Eh...każdy z nas coś tam przeżył w organizacji, były złe doświadczenia ale i dobre.
Czy ten czas można jednoznacznie nazwać straconym? Jasne ,że nie. Każde doświadczenie wnosi do życia coś pozytywnego.
Pobyt tam to też szkoła życia i to jacy jesteśmy teraz, gdzie jesteśmy miało na to wpływ.
Czego pobyt, a bardziej wyjście nauczyło mnie? Pokory, ogromnej pokory, do życia, do ludzi i do świata.
I to właśnie lekcje jakie miałam na tym wyjściu, zaprowadziły mnie tu gdzie jestem dziś. Nie wiem, jakby wyglądało moje życie dziś gdybym tam została dłużej.
Moje wybory były lepsze i gorsze, ale każdy coś do mojego życia wniósł, albo radość, albo nauczkę i wskazówki na przyszłość.
Nawet bycie tu jest związane z organizacją, gdybyśmy nie byli nie trafilibyśmy też w takie miejsce, a tym samym nie poznali świetnych ludzi.
Te nieszczęsne komitety, to też lekcja. Jeden myśli..dobrze zrobiłem/łam że nie poszedłem, a drugiemu pokazało aby się nie porywać z motyką na słońce. Jeszcze innym ma swoje wnioski.
człowiek zawsze zakłada że alternatywą dla życia które zna byłby ciąg szczęśliwych zdarzeń. A może dziś miałbyś tę wymarzoną emeryturę ale spędzałbyś ją na wózku inwalidzkim?
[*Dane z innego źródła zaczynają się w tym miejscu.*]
Lemma rweight_probe_val : rweight probe_val = (rpart X).@[weights e'].
Proof.
rewrite /probe_val rweightD rweightZ rweight_e3 mulr1 mevalD; congr (_ + _).
rewrite (big_morph rweight rweightD (_ : rweight 0 = 0)); last by rewrite /rweight addr0.
rewrite /rpoly rmorph_sum; apply: eq_bigr => k _ /=.
by rewrite rweightZ mevalZ mevalXU /weights split_rvar.
Qed.

End Value.

Lemma naeval_probe e' t : vars_lt n t -> naeval probe_mul e' t = probe_val e' (nform n t).
Proof.
elim: t => [i||a IHa b IHb|c a IHa|a IHa b IHb] /=; rewrite /probe_val.
- by move=> lt_in; rewrite meval0 scale0r addr0 sum_delta_scale.
- by rewrite meval0 scale0r addr0 big1 // => k _; rewrite scale0r.
- case/andP => va vb; rewrite IHa // IHb // mevalD scalerDl addrACA -big_split /=.
  by congr (_ + _); apply: eq_bigr => k _; rewrite scalerDl.
- move=> va; rewrite IHa // mevalZ -scalerA scalerDr scaler_sumr; congr (_ + _).
  by apply: eq_bigr => k _; rewrite scalerA.
case/andP => va vb; rewrite IHa // IHb // big1 ?add0r => [|k _]; last by rewrite scale0r.
by rewrite /probe_mul lweight_probe_val rweight_probe_val mevalM.
Qed.

End ProbeAlgebra.

(** * Identities of F_1(B) *)

Section IdentitiesOfF1B.
Variables (K : fieldType) (f : naterm K).
Hypothesis K_pchar0 : [pchar K] =i pred0.
Hypothesis f_F1B : identity_of_F1B f.
Local Notation probe := (K^o * K^o * K^o)%type.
A może zginąłbyś ochraniając jakąś ważną personę? Tego nie wiesz i się nie dowiesz...
No chyba że chciałeś być księgowym zatrudnionym przez MSWiA to wtedy owszem, wtedy zgadzam się z Tobą w 100% - ubrany w ładny mundurek 15 lat przekładałbyś papiery z jednej kupki na biurku na drugą kupkę, przybijałbyś pieczątki, a po 15 latach emerytura, żyć nie umierać...
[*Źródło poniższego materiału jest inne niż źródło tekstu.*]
(* Let $k\ge 0$, let $f\in C^1(\mathbb{R})$, and consider the Zakharov–Kuznetsov equation $u_t+f(u)_x+u_{xxx}+u_{xyy}=0$ on the rectangle $\Omega=[a,b]\times[c,d]$ with periodic boundary conditions, discretized by the semi-discrete ultra-weak DG scheme described in the context. Then the numerical solution $u^h(\cdot,\cdot,t)\in \mathbf{V}_h^k$ satisfies $$\frac{d}{dt}\int_{\Omega}\big(u^h(x,y,t)\big)^2\,dx\,dy\le 0 .$$
   Context: Mesh: $a=x_{1/2}<x_{3/2}<\dots<x_{N_x+1/2}=b$, $c=y_{1/2}<\dots<y_{N_y+1/2}=d$, $I_i=[x_{i-1/2},x_{i+1/2}]$, $J_j=[y_{j-1/2},y_{j+1/2}]$, $K_{i,j}=I_i\times J_j$ (a shape-regular partition into rectangles). $\mathbf{V}_h^k=\{v\in L^2(\Omega): v|_{K_{i,j}}\in Q^k(K_{i,j})\ \forall i,j\}$, where $Q^k$ denotes tensor-product polynomials of degree at most $k$ in each variable. For $w\in\mathbf{V}_h^k$ (and its piecewise derivatives), $w(x_{i+1/2}^{\pm},y)$, $w(x,y_{j+1/2}^{\pm})$, $w(x_{i+1/2}^{\pm},y_{j+1/2}^{\pm})$ denote one-sided limits (traces from the right/above for $+$, from the left/below for $-$). Periodicity: indices are taken periodically, i.e. the interfaces $x_{1/2}$ and $x_{N_x+1/2}$ are identified (so e.g. $w(x_{N_x+1/2}^+,y)=w(x_{1/2}^+,y)$, $w(x_{1/2}^-,y)=w(x_{N_x+1/2}^-,y)$), and similarly in $y$. All sums below run over $i=1,\dots,N_x$, $j=1,\dots,N_y$; volume integrals $\int_\Omega$ of derivatives of $v$ are understood cellwise. Numerical flux for convection (global Lax–Friedrichs): $\hat f_{i+1/2}(y)=\tfrac12\big(f(u^h(x_{i+1/2}^+,y))+f(u^h(x_{i+1/2}^-,y))\big)-\alpha\big(u^h(x_{i+1/2}^+,y)-u^h(x_{i+1/2}^-,y)\big)$, with $\alpha=\max|f'(u)|$ (maximum over the range of values involved, so that $|f'(w)|\le\alpha$ for all relevant $w$). Scheme: find $u^h(t)\in\mathbf{V}_h^k$ such that for all $v\in\mathbf{V}_h^k$, $$\int_\Omega u^h_t v=\int_\Omega f(u^h)v_x+\int_\Omega u^h v_{xxx}+\int_\Omega u^h v_{xyy}$$ $$-\sum_{i,j}\int_{J_j}\big[\hat f_{i+1/2}(y)v(x_{i+1/2}^-,y)-\hat f_{i-1/2}(y)v(x_{i-1/2}^+,y)\big]dy$$ $$-\sum_{i,j}\int_{J_j}\big[u^h_{xx}(x_{i+1/2}^+,y)v(x_{i+1/2}^-,y)-u^h_{xx}(x_{i-1/2}^+,y)v(x_{i-1/2}^+,y)\big]dy$$ $$+\sum_{i,j}\int_{J_j}\big[u^h_{x}(x_{i+1/2}^+,y)v_x(x_{i+1/2}^-,y)-u^h_{x}(x_{i-1/2}^+,y)v_x(x_{i-1/2}^+,y)\big]dy$$ $$-\sum_{i,j}\int_{J_j}\big[u^h(x_{i+1/2}^-,y)v_{xx}(x_{i+1/2}^-,y)-u^h(x_{i-1/2}^-,y)v_{xx}(x_{i-1/2}^+,y)\big]dy$$ $$+\sum_{i,j}\int_{I_i}\big[u^h_y(x,y_{j+1/2}^+)v_x(x,y_{j+1/2}^-)-u^h_y(x,y_{j-1/2}^+)v_x(x,y_{j-1/2}^+)\big]dx$$ $$+\sum_{i,j}\big[-u^h_y(x_{i+1/2}^-,y_{j+1/2}^+)v(x_{i+1/2}^-,y_{j+1/2}^-)+u^h_y(x_{i-1/2}^-,y_{j+1/2}^+)v(x_{i-1/2}^+,y_{j+1/2}^-)$$ $$\qquad+u^h_y(x_{i+1/2}^-,y_{j-1/2}^+)v(x_{i+1/2}^-,y_{j-1/2}^+)-u^h_y(x_{i-1/2}^-,y_{j-1/2}^+)v(x_{i-1/2}^+,y_{j-1/2}^+)\big]$$ $$-\sum_{i,j}\int_{J_j}\big[u^h(x_{i+1/2}^+,y)v_{yy}(x_{i+1/2}^-,y)-u^h(x_{i-1/2}^+,y)v_{yy}(x_{i-1/2}^+,y)\big]dy$$ $$+\sum_{i,j}\big[u^h(x_{i+1/2}^+,y_{j+1/2}^-)v_y(x_{i+1/2}^-,y_{j+1/2}^-)-u^h(x_{i+1/2}^+,y_{j-1/2}^-)v_y(x_{i+1/2}^-,y_{j-1/2}^+)$$ $$\qquad-u^h(x_{i-1/2}^+,y_{j+1/2}^-)v_y(x_{i-1/2}^+,y_{j+1/2}^-)+u^h(x_{i-1/2}^+,y_{j-1/2}^-)v_y(x_{i-1/2}^+,y_{j-1/2}^+)\big]$$ $$-\sum_{i,j}\int_{I_i}\big[u^h(x,y_{j+1/2}^-)v_{xy}(x,y_{j+1/2}^-)-u^h(x,y_{j-1/2}^-)v_{xy}(x,y_{j-1/2}^+)\big]dx.$$ This is a system of ODEs for the coefficients of $u^h$, whose solution is assumed to exist and be $C^1$ in $t$. *)

From Stdlib Require Import Reals Lra Lia.
From Coquelicot Require Import Coquelicot.
Open Scope R_scope.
Tak gdybać można sobie bez końca. A jakby nadal świadkował, mógłby go w służbie jakiś wściekły gospodarz potraktować siekierą i kto by mu rentę płacił?
Po 15 latach za biurkiem, dostałby tyle, że teraz miałby na przysłowiowy chlebek i aby jakoś żyć, musiałby dalej pracować. Posiadłaby jednak ten luksus, że to już ma, ale zapewniam to nie są kokosy. Po trzydziestu latach to tak, a jak się miało jeszcze znajomego, który dodatek ( który wchodził cały do emerytury ) wywindował na maxa, wtedy można mówić o ładnej emeryturze.